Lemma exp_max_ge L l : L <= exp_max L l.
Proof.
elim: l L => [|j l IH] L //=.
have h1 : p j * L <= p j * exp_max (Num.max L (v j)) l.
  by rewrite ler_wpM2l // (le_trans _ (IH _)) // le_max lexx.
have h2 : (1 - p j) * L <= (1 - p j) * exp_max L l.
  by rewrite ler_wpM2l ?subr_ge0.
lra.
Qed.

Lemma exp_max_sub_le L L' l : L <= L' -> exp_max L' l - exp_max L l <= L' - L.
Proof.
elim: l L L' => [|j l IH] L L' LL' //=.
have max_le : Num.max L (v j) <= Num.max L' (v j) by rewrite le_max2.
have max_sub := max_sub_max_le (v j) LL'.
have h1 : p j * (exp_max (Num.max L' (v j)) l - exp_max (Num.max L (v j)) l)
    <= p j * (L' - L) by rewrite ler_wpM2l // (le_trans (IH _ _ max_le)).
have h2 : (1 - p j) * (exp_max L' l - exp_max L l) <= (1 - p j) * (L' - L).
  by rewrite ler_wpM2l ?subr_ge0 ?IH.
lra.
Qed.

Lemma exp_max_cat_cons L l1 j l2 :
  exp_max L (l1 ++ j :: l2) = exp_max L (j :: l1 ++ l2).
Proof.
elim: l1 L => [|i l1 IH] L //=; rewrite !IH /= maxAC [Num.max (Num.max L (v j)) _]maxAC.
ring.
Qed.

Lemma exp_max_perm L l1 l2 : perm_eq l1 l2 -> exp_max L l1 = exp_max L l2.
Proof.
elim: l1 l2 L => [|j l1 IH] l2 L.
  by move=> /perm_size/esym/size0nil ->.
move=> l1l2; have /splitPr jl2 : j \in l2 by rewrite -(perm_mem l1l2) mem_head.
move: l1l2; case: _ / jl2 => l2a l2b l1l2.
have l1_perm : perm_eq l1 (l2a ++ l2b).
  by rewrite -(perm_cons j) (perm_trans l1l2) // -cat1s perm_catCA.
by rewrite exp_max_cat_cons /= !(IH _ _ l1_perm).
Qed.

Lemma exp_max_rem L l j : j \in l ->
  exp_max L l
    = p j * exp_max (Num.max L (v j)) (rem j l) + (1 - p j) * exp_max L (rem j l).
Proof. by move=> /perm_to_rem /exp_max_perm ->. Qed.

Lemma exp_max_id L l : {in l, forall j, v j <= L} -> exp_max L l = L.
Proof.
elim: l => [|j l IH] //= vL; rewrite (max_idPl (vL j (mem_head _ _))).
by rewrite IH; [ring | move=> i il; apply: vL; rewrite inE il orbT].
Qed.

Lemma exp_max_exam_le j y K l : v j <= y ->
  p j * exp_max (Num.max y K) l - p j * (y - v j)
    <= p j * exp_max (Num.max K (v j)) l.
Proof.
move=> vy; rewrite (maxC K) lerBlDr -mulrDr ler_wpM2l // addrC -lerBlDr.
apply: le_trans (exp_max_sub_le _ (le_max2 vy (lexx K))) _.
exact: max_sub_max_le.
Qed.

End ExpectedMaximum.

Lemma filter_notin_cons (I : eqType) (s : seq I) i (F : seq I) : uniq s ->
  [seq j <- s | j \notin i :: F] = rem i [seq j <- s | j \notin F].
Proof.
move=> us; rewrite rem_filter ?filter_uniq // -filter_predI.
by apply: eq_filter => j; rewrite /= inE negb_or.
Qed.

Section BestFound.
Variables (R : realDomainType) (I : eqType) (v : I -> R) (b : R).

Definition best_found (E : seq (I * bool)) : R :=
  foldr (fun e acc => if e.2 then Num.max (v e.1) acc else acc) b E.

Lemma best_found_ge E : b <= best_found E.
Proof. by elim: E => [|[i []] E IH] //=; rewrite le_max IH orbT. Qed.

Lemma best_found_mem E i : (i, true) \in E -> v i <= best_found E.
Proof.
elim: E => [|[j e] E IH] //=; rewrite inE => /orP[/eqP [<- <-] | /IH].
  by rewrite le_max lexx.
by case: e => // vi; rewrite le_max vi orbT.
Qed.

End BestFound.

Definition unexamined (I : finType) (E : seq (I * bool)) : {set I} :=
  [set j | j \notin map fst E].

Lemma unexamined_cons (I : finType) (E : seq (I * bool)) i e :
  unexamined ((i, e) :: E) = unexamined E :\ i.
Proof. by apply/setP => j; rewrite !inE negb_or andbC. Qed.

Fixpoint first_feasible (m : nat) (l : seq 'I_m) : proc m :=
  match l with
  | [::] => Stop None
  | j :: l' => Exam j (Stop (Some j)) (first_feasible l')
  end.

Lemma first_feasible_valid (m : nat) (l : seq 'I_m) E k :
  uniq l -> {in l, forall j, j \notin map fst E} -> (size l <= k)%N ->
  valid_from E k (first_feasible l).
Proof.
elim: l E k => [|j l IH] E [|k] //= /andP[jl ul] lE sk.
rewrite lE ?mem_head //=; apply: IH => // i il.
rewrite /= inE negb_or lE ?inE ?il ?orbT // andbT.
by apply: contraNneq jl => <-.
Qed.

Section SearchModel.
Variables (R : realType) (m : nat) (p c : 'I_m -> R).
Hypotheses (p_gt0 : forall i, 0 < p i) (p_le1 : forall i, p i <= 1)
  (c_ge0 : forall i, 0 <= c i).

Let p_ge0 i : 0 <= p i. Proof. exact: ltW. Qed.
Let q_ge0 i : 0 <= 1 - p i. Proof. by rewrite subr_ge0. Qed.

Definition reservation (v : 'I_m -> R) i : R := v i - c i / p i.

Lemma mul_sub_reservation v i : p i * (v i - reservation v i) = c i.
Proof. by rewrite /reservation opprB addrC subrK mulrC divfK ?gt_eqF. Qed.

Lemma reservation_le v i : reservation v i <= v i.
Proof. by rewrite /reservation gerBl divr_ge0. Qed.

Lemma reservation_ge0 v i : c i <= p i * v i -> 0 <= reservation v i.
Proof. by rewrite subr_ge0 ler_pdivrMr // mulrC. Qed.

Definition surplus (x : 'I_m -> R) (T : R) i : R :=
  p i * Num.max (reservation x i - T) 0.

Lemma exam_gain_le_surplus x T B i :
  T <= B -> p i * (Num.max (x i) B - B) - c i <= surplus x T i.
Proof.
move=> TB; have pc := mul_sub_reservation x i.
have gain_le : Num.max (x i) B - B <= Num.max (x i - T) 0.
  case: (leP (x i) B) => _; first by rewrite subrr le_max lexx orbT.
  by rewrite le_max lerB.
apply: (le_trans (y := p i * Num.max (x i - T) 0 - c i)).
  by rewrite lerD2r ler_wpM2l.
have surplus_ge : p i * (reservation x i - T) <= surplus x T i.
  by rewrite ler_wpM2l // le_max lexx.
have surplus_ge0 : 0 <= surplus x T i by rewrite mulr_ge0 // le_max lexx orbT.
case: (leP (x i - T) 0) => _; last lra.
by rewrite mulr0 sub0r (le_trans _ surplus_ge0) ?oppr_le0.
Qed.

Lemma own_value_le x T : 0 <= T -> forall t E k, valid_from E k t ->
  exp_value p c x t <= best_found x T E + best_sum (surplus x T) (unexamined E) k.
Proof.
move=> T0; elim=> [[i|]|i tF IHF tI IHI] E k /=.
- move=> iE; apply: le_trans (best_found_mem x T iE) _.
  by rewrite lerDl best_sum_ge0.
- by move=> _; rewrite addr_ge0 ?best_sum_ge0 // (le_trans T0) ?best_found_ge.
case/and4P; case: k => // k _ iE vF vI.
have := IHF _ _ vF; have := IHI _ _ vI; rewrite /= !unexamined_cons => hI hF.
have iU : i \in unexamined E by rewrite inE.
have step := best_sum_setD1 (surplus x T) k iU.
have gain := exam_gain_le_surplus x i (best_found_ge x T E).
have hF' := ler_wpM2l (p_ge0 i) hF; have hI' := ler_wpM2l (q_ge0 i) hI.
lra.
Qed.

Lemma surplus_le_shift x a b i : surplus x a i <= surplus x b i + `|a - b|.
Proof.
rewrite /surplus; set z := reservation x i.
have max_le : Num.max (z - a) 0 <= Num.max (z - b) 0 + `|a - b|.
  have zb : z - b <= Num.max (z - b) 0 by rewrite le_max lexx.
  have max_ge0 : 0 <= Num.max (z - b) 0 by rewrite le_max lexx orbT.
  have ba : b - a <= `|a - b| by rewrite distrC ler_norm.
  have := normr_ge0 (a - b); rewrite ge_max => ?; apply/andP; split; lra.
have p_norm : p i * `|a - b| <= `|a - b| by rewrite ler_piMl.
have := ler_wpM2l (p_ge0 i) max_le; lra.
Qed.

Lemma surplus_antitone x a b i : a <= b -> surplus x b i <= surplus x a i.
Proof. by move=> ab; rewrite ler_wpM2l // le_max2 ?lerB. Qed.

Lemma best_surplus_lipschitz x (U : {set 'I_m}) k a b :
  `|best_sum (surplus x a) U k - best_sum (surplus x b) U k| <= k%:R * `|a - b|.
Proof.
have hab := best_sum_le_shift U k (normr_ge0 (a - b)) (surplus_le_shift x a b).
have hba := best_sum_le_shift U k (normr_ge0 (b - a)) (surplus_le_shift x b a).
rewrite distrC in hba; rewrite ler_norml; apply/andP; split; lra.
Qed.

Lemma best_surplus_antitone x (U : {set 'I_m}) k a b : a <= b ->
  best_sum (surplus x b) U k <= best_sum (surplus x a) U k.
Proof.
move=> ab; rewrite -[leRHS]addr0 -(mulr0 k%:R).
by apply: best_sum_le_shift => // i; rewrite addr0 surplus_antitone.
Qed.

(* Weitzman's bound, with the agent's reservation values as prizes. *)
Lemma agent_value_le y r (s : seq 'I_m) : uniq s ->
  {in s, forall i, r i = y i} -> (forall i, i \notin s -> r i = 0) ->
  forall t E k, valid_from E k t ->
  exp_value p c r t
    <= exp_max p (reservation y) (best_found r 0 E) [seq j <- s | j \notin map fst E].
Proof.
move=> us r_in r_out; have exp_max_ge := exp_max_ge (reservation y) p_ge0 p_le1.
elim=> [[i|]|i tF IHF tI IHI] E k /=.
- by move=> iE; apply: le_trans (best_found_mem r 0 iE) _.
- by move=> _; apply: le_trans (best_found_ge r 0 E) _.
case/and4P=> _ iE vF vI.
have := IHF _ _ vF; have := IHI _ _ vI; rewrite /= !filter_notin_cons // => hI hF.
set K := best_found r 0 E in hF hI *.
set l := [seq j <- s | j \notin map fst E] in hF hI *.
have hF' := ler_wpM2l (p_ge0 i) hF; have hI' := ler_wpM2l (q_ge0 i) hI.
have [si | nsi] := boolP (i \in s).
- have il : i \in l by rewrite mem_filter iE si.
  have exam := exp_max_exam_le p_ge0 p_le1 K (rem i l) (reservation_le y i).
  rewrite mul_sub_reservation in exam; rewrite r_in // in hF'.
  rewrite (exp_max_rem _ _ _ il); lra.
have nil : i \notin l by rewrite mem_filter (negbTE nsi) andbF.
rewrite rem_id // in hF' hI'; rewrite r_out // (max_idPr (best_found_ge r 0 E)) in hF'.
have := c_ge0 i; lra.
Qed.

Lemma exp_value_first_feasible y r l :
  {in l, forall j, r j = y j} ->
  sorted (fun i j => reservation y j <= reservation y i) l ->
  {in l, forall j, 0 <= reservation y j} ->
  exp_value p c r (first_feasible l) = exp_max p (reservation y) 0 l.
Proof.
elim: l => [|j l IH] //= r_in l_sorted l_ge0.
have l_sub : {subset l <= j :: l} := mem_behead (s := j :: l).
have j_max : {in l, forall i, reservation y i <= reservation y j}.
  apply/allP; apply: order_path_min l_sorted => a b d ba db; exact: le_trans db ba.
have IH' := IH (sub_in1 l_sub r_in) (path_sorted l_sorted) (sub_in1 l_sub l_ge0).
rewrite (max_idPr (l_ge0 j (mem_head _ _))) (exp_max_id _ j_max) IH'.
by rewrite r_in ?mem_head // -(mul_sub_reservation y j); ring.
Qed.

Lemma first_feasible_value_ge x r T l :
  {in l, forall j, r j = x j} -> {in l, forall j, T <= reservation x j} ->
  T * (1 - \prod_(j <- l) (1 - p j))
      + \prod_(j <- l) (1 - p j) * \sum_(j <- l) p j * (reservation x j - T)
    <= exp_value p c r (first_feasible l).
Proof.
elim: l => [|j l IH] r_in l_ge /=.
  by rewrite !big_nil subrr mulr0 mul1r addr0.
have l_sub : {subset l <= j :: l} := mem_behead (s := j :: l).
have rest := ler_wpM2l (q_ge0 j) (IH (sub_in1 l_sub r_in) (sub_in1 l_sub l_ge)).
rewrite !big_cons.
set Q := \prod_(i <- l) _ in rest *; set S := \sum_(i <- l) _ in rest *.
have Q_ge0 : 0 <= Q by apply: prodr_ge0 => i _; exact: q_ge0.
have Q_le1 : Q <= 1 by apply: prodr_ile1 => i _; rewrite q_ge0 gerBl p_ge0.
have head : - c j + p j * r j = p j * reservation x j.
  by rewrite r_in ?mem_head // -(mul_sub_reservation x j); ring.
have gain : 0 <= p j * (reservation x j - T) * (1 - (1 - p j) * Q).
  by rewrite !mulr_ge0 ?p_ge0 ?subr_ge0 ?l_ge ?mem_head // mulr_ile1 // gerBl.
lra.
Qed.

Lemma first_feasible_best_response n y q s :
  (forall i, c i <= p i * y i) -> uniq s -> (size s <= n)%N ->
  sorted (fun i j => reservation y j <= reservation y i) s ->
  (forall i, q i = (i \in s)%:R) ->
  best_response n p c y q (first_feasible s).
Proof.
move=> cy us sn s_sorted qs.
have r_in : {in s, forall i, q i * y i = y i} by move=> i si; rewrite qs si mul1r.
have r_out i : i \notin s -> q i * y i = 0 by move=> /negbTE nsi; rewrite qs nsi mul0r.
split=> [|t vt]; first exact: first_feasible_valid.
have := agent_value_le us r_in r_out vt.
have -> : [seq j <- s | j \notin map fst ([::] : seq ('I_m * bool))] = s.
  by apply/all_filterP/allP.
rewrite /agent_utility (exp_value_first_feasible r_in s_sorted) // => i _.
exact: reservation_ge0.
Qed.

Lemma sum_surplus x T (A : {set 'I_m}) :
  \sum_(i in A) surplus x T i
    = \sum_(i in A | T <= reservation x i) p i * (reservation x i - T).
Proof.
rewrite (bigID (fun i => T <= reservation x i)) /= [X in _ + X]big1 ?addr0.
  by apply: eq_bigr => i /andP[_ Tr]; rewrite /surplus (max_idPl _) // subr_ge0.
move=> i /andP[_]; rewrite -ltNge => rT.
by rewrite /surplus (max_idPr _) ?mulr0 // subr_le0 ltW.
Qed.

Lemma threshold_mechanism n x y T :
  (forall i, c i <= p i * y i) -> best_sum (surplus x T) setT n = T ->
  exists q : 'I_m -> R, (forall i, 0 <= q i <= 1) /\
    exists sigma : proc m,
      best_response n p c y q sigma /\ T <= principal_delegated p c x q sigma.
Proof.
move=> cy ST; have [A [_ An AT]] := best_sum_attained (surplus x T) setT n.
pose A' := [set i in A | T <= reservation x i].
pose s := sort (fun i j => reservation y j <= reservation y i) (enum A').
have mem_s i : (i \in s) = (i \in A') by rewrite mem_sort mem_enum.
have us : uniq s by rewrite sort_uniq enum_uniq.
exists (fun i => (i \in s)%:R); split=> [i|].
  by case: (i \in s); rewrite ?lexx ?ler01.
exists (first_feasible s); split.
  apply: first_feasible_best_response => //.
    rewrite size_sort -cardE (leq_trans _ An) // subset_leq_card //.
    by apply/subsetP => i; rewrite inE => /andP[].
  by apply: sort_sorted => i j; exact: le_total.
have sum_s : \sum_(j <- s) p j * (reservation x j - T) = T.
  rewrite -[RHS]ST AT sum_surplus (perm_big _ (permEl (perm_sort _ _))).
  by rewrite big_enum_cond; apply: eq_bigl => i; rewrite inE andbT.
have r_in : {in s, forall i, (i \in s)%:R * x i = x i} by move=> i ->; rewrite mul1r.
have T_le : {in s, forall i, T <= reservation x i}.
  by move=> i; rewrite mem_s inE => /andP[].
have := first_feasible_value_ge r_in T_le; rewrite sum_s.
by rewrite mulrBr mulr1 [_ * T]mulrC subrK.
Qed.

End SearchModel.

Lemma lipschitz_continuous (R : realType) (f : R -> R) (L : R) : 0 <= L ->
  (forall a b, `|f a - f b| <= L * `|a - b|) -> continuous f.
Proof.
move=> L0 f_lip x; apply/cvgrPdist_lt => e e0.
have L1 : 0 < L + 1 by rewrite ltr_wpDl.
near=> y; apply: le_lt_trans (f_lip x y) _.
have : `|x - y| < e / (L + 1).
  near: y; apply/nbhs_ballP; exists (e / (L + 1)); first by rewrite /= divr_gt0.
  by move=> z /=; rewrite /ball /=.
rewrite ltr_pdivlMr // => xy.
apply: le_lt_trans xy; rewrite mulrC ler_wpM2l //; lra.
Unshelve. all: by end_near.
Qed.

++++++

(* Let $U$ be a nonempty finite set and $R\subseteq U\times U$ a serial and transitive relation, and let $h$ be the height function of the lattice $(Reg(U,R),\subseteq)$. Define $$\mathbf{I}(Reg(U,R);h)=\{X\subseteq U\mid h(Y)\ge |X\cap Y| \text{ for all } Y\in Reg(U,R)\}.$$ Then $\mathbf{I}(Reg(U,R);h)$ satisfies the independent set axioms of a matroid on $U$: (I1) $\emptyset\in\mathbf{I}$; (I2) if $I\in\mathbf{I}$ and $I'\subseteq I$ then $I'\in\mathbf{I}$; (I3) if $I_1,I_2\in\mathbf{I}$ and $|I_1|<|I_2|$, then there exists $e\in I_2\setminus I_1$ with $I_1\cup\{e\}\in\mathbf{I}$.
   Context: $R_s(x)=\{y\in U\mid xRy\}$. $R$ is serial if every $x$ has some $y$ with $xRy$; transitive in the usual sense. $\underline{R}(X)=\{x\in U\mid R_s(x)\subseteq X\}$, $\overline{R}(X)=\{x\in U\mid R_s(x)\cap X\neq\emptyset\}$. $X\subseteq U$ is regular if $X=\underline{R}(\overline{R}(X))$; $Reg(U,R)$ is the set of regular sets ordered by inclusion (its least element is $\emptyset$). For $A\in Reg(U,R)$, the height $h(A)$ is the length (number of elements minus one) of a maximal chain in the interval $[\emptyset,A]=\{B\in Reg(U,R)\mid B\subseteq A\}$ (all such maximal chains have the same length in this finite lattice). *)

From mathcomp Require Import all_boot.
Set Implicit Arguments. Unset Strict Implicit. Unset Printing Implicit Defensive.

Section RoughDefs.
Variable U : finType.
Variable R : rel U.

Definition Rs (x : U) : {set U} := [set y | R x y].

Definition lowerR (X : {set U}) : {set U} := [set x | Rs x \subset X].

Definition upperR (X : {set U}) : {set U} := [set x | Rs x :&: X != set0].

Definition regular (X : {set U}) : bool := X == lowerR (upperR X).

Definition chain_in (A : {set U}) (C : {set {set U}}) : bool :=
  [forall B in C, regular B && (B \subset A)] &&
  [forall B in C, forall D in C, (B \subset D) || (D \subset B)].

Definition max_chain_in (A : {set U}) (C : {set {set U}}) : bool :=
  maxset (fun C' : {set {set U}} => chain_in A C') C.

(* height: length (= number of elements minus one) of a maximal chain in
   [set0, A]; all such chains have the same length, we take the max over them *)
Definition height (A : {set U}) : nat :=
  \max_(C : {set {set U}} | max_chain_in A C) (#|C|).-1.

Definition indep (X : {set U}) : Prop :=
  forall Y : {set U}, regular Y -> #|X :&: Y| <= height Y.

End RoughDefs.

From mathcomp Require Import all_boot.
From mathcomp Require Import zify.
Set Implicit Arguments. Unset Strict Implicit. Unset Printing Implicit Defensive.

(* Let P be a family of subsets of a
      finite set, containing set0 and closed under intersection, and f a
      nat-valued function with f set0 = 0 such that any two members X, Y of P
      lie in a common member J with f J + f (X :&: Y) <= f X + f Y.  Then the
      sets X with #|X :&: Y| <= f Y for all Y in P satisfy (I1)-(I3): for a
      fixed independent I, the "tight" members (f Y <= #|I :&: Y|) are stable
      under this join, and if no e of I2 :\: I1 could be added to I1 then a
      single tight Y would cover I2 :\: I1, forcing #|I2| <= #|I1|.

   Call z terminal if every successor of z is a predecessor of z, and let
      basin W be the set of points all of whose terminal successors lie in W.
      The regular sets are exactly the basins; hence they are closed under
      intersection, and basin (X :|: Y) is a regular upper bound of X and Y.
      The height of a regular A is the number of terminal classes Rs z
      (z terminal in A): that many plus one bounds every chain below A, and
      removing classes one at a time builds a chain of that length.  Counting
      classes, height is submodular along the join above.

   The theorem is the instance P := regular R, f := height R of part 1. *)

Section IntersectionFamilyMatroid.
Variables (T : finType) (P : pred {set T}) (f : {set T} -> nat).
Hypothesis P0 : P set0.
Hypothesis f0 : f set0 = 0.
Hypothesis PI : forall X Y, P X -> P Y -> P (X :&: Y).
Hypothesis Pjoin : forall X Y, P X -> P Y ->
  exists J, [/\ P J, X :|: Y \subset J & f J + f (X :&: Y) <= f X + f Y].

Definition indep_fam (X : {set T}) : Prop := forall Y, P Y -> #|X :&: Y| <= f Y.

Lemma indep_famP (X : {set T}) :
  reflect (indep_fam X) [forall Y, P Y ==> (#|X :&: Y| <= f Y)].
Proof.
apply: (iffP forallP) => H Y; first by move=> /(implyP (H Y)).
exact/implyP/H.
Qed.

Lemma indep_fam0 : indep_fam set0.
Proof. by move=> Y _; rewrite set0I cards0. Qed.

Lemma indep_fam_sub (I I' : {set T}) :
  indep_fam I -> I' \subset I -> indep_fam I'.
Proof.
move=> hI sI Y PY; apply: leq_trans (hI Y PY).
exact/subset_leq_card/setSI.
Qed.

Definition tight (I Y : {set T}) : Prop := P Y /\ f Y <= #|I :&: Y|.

++++++

# WORK REQUIRED:
If a line in the data above contains "transitive", return that line.

# FINAL ANSWER:
(* Let $U$ be a nonempty finite set and $R\subseteq U\times U$ a serial and transitive relation, and let $h$ be the height function of the lattice $(Reg(U,R),\subseteq)$. Define $$\mathbf{I}(Reg(U,R);h)=\{X\subseteq U\mid h(Y)\ge |X\cap Y| \text{ for all } Y\in Reg(U,R)\}.$$ Then $\mathbf{I}(Reg(U,R);h)$ satisfies the independent set axioms of a matroid on $U$: (I1) $\emptyset\in\mathbf{I}$; (I2) if $I\in\mathbf{I}$ and $I'\subseteq I$ then $I'\in\mathbf{I}$; (I3) if $I_1,I_2\in\mathbf{I}$ and $|I_1|<|I_2|$, then there exists $e\in I_2\setminus I_1$ with $I_1\cup\{e\}\in\mathbf{I}$.
   Context: $R_s(x)=\{y\in U\mid xRy\}$. $R$ is serial if every $x$ has some $y$ with $xRy$; transitive in the usual sense. $\underline{R}(X)=\{x\in U\mid R_s(x)\subseteq X\}$, $\overline{R}(X)=\{x\in U\mid R_s(x)\cap X\neq\emptyset\}$. $X\subseteq U$ is regular if $X=\underline{R}(\overline{R}(X))$; $Reg(U,R)$ is the set of regular sets ordered by inclusion (its least element is $\emptyset$). For $A\in Reg(U,R)$, the height $h(A)$ is the length (number of elements minus one) of a maximal chain in the interval $[\emptyset,A]=\{B\in Reg(U,R)\mid B\subseteq A\}$ (all such maximal chains have the same length in this finite lattice). *)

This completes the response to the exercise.